Work instructions:
Give back exactly the lines from the one holding "assert (Cmod (x" to the last line of the entries, both included, and nothing more.

━━━━━━━━━━━━━━━━━━━━━━━━━━━━━━

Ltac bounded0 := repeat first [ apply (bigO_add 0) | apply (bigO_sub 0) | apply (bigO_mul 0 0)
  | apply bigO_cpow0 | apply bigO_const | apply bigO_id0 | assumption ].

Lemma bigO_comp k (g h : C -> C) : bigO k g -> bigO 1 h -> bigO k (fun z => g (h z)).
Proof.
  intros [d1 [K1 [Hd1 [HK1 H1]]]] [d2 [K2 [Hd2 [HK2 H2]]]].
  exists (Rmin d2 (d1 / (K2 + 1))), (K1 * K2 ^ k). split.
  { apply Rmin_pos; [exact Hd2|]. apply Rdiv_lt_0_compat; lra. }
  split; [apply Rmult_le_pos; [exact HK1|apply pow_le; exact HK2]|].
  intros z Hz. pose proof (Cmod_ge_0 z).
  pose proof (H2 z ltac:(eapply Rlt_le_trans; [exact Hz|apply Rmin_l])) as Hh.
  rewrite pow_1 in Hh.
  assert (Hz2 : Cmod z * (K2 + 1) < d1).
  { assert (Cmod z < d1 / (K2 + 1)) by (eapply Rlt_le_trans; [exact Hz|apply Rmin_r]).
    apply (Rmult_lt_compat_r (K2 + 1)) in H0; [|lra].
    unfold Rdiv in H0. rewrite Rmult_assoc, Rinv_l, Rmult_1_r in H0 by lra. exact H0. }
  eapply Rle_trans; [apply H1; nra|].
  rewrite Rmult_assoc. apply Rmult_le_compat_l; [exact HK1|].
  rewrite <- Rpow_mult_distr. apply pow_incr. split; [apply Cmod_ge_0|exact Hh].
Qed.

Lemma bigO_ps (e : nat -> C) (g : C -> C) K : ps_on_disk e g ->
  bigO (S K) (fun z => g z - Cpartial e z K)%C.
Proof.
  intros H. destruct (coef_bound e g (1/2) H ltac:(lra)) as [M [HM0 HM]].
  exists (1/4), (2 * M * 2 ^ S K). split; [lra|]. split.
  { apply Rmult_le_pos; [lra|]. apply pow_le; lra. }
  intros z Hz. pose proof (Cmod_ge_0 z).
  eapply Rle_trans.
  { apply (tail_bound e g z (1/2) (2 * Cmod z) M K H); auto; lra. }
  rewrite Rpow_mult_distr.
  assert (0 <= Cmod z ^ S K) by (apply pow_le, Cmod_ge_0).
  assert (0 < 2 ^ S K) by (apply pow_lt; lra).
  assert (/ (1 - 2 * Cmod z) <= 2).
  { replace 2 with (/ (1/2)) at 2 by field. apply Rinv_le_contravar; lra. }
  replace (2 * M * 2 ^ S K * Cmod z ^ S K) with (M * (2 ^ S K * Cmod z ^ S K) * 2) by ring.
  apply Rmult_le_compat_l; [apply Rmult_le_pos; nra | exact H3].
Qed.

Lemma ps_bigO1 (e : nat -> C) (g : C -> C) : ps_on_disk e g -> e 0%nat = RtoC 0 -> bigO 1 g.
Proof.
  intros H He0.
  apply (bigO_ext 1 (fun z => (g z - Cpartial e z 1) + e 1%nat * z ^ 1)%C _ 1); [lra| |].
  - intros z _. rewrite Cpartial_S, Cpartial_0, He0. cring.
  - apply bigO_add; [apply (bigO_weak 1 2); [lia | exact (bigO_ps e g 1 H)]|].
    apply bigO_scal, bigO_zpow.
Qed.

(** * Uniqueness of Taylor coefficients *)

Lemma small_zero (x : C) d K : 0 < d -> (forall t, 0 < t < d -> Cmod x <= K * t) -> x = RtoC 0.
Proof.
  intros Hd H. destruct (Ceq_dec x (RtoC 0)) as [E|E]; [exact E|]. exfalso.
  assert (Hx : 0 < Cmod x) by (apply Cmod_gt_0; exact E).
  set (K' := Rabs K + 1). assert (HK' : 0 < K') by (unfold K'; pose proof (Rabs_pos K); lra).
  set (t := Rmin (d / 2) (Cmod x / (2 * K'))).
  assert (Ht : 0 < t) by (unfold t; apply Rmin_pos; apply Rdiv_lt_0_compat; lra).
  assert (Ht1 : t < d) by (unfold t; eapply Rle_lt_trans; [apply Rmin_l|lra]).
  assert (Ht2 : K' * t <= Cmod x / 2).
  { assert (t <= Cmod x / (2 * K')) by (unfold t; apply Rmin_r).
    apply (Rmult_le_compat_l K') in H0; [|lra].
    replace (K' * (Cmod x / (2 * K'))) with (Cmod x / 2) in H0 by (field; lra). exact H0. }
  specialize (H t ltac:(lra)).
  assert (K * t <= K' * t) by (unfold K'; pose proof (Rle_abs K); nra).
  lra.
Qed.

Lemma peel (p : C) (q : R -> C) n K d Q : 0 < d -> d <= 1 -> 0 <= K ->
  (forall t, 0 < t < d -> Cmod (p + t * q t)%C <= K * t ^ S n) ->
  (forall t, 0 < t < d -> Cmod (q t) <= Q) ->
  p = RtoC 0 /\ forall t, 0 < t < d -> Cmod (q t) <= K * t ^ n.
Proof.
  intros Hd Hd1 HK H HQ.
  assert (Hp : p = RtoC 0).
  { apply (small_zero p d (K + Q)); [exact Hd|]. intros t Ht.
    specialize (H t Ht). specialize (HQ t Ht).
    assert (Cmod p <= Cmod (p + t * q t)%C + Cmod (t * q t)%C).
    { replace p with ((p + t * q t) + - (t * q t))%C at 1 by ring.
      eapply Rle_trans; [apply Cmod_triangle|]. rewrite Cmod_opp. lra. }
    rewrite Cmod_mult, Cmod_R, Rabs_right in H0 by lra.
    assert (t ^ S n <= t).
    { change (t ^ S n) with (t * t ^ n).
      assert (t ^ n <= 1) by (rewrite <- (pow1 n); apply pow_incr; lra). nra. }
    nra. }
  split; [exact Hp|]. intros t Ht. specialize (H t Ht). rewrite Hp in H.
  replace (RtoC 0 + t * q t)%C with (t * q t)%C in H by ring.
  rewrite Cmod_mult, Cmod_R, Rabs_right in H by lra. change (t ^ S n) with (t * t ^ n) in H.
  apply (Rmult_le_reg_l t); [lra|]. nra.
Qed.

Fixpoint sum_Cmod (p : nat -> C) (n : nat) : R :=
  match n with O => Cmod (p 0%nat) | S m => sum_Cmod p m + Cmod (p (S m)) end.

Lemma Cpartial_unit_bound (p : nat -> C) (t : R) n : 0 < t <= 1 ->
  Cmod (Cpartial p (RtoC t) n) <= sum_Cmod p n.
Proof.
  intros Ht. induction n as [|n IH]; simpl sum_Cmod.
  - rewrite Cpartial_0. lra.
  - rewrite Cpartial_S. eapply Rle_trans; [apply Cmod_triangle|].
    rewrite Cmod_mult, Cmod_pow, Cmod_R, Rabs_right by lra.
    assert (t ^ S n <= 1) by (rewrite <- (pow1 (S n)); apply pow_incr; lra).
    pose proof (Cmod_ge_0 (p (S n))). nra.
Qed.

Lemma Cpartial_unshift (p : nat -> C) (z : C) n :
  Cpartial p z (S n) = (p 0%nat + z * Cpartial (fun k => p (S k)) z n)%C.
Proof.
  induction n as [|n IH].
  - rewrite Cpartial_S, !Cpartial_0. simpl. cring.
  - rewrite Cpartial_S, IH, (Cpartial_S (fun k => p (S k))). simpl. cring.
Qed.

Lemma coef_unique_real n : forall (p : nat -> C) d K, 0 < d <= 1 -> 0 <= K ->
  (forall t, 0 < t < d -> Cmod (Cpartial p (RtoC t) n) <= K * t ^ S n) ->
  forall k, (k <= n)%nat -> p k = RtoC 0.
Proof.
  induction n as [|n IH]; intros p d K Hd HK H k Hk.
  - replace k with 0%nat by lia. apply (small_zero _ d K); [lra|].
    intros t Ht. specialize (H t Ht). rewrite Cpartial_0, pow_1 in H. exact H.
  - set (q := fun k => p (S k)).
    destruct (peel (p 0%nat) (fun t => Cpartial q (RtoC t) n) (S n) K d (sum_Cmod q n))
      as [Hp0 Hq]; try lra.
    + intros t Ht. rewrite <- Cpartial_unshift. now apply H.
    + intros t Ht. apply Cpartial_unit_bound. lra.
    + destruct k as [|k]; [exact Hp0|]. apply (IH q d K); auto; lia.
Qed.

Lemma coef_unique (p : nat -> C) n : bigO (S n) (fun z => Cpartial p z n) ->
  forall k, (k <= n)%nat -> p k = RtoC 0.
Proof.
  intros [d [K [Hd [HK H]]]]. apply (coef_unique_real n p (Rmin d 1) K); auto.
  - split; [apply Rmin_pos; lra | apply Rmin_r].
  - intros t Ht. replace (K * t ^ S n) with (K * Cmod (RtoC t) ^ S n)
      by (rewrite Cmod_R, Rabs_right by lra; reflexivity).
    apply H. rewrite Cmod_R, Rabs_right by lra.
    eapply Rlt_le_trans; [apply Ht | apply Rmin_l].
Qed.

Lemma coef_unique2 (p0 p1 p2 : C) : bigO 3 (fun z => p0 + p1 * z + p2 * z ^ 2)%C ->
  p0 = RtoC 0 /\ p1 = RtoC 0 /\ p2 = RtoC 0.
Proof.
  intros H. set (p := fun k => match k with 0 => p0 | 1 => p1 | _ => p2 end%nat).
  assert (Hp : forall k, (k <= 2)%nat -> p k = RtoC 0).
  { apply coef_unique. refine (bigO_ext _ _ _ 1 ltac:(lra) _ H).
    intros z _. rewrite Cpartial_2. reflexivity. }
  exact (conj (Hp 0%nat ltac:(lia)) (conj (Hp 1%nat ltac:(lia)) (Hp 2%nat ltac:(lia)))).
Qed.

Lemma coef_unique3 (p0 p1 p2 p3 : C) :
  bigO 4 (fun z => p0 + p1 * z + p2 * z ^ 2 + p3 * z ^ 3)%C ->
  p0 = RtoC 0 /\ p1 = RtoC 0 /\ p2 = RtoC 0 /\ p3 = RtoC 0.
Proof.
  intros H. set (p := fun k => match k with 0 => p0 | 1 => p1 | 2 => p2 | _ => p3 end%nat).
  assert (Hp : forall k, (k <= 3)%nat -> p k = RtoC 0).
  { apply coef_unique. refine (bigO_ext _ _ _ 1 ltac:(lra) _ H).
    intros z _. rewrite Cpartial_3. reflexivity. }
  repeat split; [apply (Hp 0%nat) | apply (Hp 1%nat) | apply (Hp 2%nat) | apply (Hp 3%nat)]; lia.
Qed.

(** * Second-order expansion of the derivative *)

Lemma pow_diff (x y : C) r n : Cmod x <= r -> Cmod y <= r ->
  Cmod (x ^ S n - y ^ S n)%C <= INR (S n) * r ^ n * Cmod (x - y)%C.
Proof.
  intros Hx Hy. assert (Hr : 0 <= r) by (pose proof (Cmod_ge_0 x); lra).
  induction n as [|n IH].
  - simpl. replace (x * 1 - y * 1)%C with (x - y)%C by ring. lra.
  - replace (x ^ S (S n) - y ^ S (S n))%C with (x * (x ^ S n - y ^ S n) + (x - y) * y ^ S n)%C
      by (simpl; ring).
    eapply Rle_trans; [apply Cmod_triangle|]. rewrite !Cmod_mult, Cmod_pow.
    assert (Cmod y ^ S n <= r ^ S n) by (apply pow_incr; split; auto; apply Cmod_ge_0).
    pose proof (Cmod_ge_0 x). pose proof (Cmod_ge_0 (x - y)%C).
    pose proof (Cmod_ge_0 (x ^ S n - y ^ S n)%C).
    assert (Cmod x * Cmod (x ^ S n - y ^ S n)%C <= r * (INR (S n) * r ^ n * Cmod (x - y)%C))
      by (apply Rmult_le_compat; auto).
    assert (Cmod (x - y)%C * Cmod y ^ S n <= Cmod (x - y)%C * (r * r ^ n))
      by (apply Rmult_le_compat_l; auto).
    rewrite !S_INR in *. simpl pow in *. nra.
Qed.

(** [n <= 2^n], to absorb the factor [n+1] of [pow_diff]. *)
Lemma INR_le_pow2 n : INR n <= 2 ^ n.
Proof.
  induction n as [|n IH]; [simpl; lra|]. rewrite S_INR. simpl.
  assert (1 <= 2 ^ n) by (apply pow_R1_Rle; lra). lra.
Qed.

━━━━━━━━━━━━━━━━━━━━━━━━━━━━━━

Task response:
    assert (Cmod (x - y)%C * Cmod y ^ S n <= Cmod (x - y)%C * (r * r ^ n))
      by (apply Rmult_le_compat_l; auto).
    rewrite !S_INR in *. simpl pow in *. nra.
Qed.

(** [n <= 2^n], to absorb the factor [n+1] of [pow_diff]. *)
Lemma INR_le_pow2 n : INR n <= 2 ^ n.
Proof.
  induction n as [|n IH]; [simpl; lra|]. rewrite S_INR. simpl.
  assert (1 <= 2 ^ n) by (apply pow_R1_Rle; lra). lra.
Qed.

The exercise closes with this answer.